Show attributes that are statistically over-represented in crashes with a given
signature compared to the overall crash population:

```bash
# Show correlations for a signature on the release channel (default)
socorro-cli correlations --signature "UiaNode::ProviderInfo::~ProviderInfo"

# Show correlations on the nightly channel
socorro-cli correlations --signature "OOM | small" --channel nightly

# Get raw JSON data
socorro-cli correlations --signature "OOM | small" --format json
```

### Search Command

Search and aggregate crashes with filters:

```bash
# Basic search
socorro-cli search --signature "OOM | small"

# Search with filters
socorro-cli search --product Firefox --platform Windows --days 30 --limit 20

# Aggregate by fields
socorro-cli search --product Firefox --days 7 --facet platform --facet version

# Sort results
socorro-cli search --product Firefox --days 1 --sort -date --limit 10
```

## Output Formats

### Compact (default)
Token-optimized plain text format designed for LLMs:
```
CRASH 247653e8-7a18-4836-97d1-42a720260120
sig: mozilla::AudioDecoderInputTrack::EnsureTimeStretcher
reason: SIGSEGV / SEGV_MAPERR @ 0x0000000000000000
moz_reason: MOZ_RELEASE_ASSERT(mTimeStretcher->Init())
product: Fenix 147.0.1 (Android 36, SM-S918B 36 (REL))
build: 20260116091309
channel: release

stack[GraphRunner]:
  #0 mozilla::AudioDecoderInputTrack::EnsureTimeStretcher() @ ...AudioDecoderInputTrack.cpp:...:624
  #1 mozilla::AudioDecoderInputTrack::AppendTimeStretchedDataToSegment(...) @ ...AudioDecoderInputTrack.cpp:...:423
```

### JSON
Full structured data for programmatic processing.

### Markdown
Formatted output for documentation and chat interfaces.

## Options

### Global Options
- `--format <FORMAT>`: Output format (compact, json, markdown) [default: compact]
- `--version`/`-V`: Print version

### Crash Options
- `--depth <N>`: Stack trace depth [default: 10]
- `--full`: Output complete crash data without omissions (forces JSON format)
- `--all-threads`: Show stacks from all threads (useful for diagnosing deadlocks)

### Crash Pings Options
- `--date <DATE>`: Date to query (YYYY-MM-DD) [default: yesterday UTC]
- `--channel <CH>`: Filter by release channel (release, beta, nightly)
- `--os <OS>`: Filter by OS (Windows, Linux, Mac, Android)
- `--process <PROC>`: Filter by process type (main, content, gpu, rdd, utility, socket, gmplugin)
- `--version <VER>`: Filter by product version
- `--signature <SIG>`: Filter by crash signature (use ~ prefix for contains match)
- `--arch <ARCH>`: Filter by CPU architecture (x86_64, aarch64, x86, arm)
- `--facet <FIELD>`: Aggregate by field [default: signature]
- `--limit <N>`: Number of top entries to show [default: 10]
- `--stack <ID>`: Fetch symbolicated stack for a specific crash ping

### Search Options

All search filters default to exact match. `--signature`, `--proto-signature`, `--platform-version`, and `--process-type` also support [Super Search operator prefixes](https://crash-stats.mozilla.org/documentation/supersearch/) like `~` for contains match.

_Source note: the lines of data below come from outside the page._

(* A word is determined by the sets of its ones in the trace classes
   T_b = {g in SL(2,q) | Tr g = b}; it has weight i and lies in the code iff its
   profile n_b = #(ones in T_b) satisfies sum_b n_b = i and sum_b n_b b = 0.
   Hence C_i is the sum over such profiles of prod_b C(#T_b, n_b).  Writing the
   elements of T_b as [[a, x], [y, b - a]] with a (b - a) - x y = 1 gives
   #T_b = q (q - 1) + q #{a | a (b - a) = 1}.  In characteristic 2 this equation
   has the single root a = 1 when b = 0, and for b <> 0 the substitution a = b z
   turns it into z^2 + z = b^-2, which has two roots or none according as
   tr(b^-1) = tr(b^-2) is 0 or 1 (the Artin-Schreier map z |-> z^2 + z is
   2-to-1 onto the kernel of the trace). *)

From HB Require Import structures.
From mathcomp Require Import all_boot all_order all_algebra all_field.
From mathcomp Require Import ring zify.
Set Implicit Arguments. Unset Strict Implicit. Unset Printing Implicit Defensive.
Import GRing.Theory.
Local Open Scope ring_scope.

Section FibreCounts.
Local Open Scope nat_scope.
Variables (T B : finType) (f : T -> B).

Definition fibre_count (u : {ffun T -> bool}) (b : B) : nat :=
  #|[set x | u x & f x == b]|.

Lemma card_words_fibre_counts (k : B -> nat) :
  #|[set u : {ffun T -> bool} | [forall b, fibre_count u b == k b]]| =
  \prod_b 'C(#|[set x | f x == b]|, k b).
Proof.
pose support_by_fibre (u : {ffun T -> bool}) : {ffun B -> {set T}} :=
  [ffun b => [set x | u x & f x == b]].
have support_by_fibre_inj : injective support_by_fibre.
  move=> u v /ffunP /(_ (f _)) uv; apply/ffunP => x.
  by move: (uv x); rewrite !ffunE => /setP /(_ x); rewrite !inE eqxx !andbT.
rewrite -(card_imset _ support_by_fibre_inj).
pose draws b := [set A : {set T} | A \subset [set x | f x == b] & #|A| == k b].
have -> : support_by_fibre @: [set u | [forall b, fibre_count u b == k b]] =
          [set S | S \in family draws].
  apply/setP => S; rewrite inE; apply/imsetP/familyP.
    move=> [u]; rewrite inE => /forallP cnt_u -> b; rewrite ffunE inE cnt_u andbT.
    by apply/subsetP => x; rewrite !inE => /andP[_ ->].
  move=> S_draws.
  have S_fibre b : [set x | x \in S (f x) & f x == b] = S b.
    have := S_draws b; rewrite inE => /andP[/subsetP Sb _].
    apply/setP => x; rewrite inE; apply/andP/idP => [[Sx /eqP <-] // | Sx].
    by have := Sb x Sx; rewrite inE => /eqP fx; rewrite fx Sx.
  exists [ffun x => x \in S (f x)].
    rewrite inE; apply/forallP => b; rewrite /fibre_count.
    have := S_draws b; rewrite inE => /andP[_ /eqP <-].
    by rewrite -[in #|S b|]S_fibre; apply/eqP/eq_card => x; rewrite !inE ffunE.
  by apply/ffunP => b; rewrite ffunE -S_fibre; apply/setP => x; rewrite !inE ffunE.
rewrite cardsE card_family foldrE big_map big_enum /=.
by apply: eq_bigr => b _; rewrite /draws cards_draws cardsE.
Qed.

Lemma card_words_by_fibre_counts (i : nat) (P : (B -> nat) -> bool) :
  (forall nu, P nu -> \sum_b nu b = i) ->
  (forall nu1 nu2, nu1 =1 nu2 -> P nu1 = P nu2) ->
  #|[set u : {ffun T -> bool} | P (fibre_count u)]| =
  \sum_(nu : {ffun B -> 'I_i.+1} | P (fun b => nu b : nat))
     \prod_b 'C(#|[set x | f x == b]|, nu b).
Proof.
move=> P_sum P_ext.
have count_le u b : P (fibre_count u) -> fibre_count u b <= i.
  by move=> /P_sum <-; rewrite (bigD1 b) //= leq_addr.
pose profile u : {ffun B -> 'I_i.+1} := [ffun b => inord (fibre_count u b)].
rewrite -sum1_card (partition_big profile (fun nu : {ffun B -> 'I_i.+1} => P (fun b => nu b : nat))).
  apply: eq_bigr => nu P_nu; rewrite -card_words_fibre_counts -sum1_card.
  apply: eq_bigl => u; rewrite !inE; apply/andP/forallP.
    by move=> [P_u /eqP <-] b; rewrite ffunE inordK // ltnS count_le.
  move=> cnt_u; have nu_u : fibre_count u =1 (fun b => nu b : nat) by move=> b; apply/eqP.
  rewrite (P_ext _ _ nu_u) P_nu; split => //; apply/eqP/ffunP => b.
  by rewrite ffunE; apply/val_inj; rewrite /= nu_u inordK.
move=> u; rewrite inE => P_u; rewrite (P_ext _ (fibre_count u)) // => b.
by rewrite ffunE inordK // ltnS count_le.
Qed.

End FibreCounts.

Lemma card_pair_slices (A B : finType) (P : pred (A * B)) :
  #|[set x | P x]| = (\sum_a #|[set b | P (a, b)]|)%N.
Proof.
rewrite -sum1dep_card (eq_bigr _ (fun a _ => esym (sum1dep_card _))).
rewrite (pair_big_dep xpredT (fun a b => P (a, b)) (fun _ _ => 1%N)) /=.
by apply: eq_bigl => -[].
Qed.

Section SL2TraceClasses.
Variables (F : finFieldType) (t : F).

Definition trace_mx (x : F * F * F) : 'M[F]_2 :=
  \matrix_(i < 2, j < 2)
    if i == 0 :> nat then (if j == 0 :> nat then x.1.1 else x.1.2)
    else (if j == 0 :> nat then x.2 else t - x.1.1).

Lemma det_trace_mx x : \det (trace_mx x) = x.1.1 * (t - x.1.1) - x.1.2 * x.2.
Proof.
rewrite (expand_det_row _ ord0) !big_ord_recl big_ord0 /cofactor !det_mx11 !mxE /=.
by rewrite /bump /=; ring.
Qed.

Lemma mxtrace_trace_mx x : \tr (trace_mx x) = t.
Proof. by rewrite /mxtrace !big_ord_recl big_ord0 !mxE /=; ring. Qed.

Definition trace_mx_entries (A : 'M[F]_2) : F * F * F :=
  (A ord0 ord0, A ord0 ord_max, A ord_max ord0).

Lemma trace_mxK (A : 'M[F]_2) : \tr A = t -> trace_mx (trace_mx_entries A) = A.
Proof.
rewrite /mxtrace !big_ord_recl big_ord0 addr0 => trA.
apply/matrixP => i j; rewrite mxE.
case: i => [[|[|//]] lti]; case: j => [[|[|//]] ltj] /=;
  try by congr (A _ _); apply: val_inj.
by rewrite -trA addrC addrK; congr (A _ _); apply: val_inj.
Qed.

Lemma card_SL2_trace_triples :
  #|[set g : SL2 F | \tr (val g) == t]| =
  #|[set x : F * F * F | x.1.1 * (t - x.1.1) - x.1.2 * x.2 == 1]|.
Proof.
rewrite -(card_in_imset (f := trace_mx_entries \o val)); last first.
  move=> g1 g2; rewrite !inE => /eqP tr1 /eqP tr2 /= eq12; apply: val_inj.
  by rewrite -(trace_mxK tr1) -(trace_mxK tr2) eq12.
apply: eq_card => x; rewrite inE; apply/imsetP/idP.
  move=> [g]; rewrite inE => /eqP trg ->.
  by rewrite -det_trace_mx /= trace_mxK //; apply: (valP g).
move=> det_x; have det1 : \det (trace_mx x) == 1 by rewrite det_trace_mx.
exists (exist _ (trace_mx x) det1); first by rewrite inE /= mxtrace_trace_mx.
by case: x det_x det1 => [[a b] c] _ ?; rewrite /trace_mx_entries /= !mxE.
Qed.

- `--signature <SIG>`: Filter by crash signature
- `--product <PROD>`: Filter by product [default: Firefox]
- `--version <VER>`: Filter by version
- `--platform <PLAT>`: Filter by platform (Windows, Linux, Mac OS X, Android)
- `--cpu-arch <ARCH>`: Filter by CPU architecture (amd64, x86, arm64, arm)
- `--channel <CH>`: Filter by release channel (release, beta, nightly, esr, aurora, default)
- `--platform-version <VER>`: Filter by OS version string (e.g., "10.0.19045")
- `--process-type <TYPE>`: Filter by process type (parent, content, gpu, rdd, utility, socket, gmplugin, plugin)
- `--days <N>`: Search crashes from last N days [default: 7]
- `--limit <N>`: Maximum individual crash results to return [default: 10, or 0 when --facet is used]
- `--facet <FIELD>`: Aggregate by field (can be repeated)
- `--facets-size <N>`: Number of facet buckets to return (e.g., top N signatures)
- `--sort <FIELD>`: Sort field [default: -date]

### Correlations Options
- `--signature <SIG>`: Crash signature (exact match, required)
- `--channel <CH>`: Release channel (release, beta, nightly, esr) [default: release]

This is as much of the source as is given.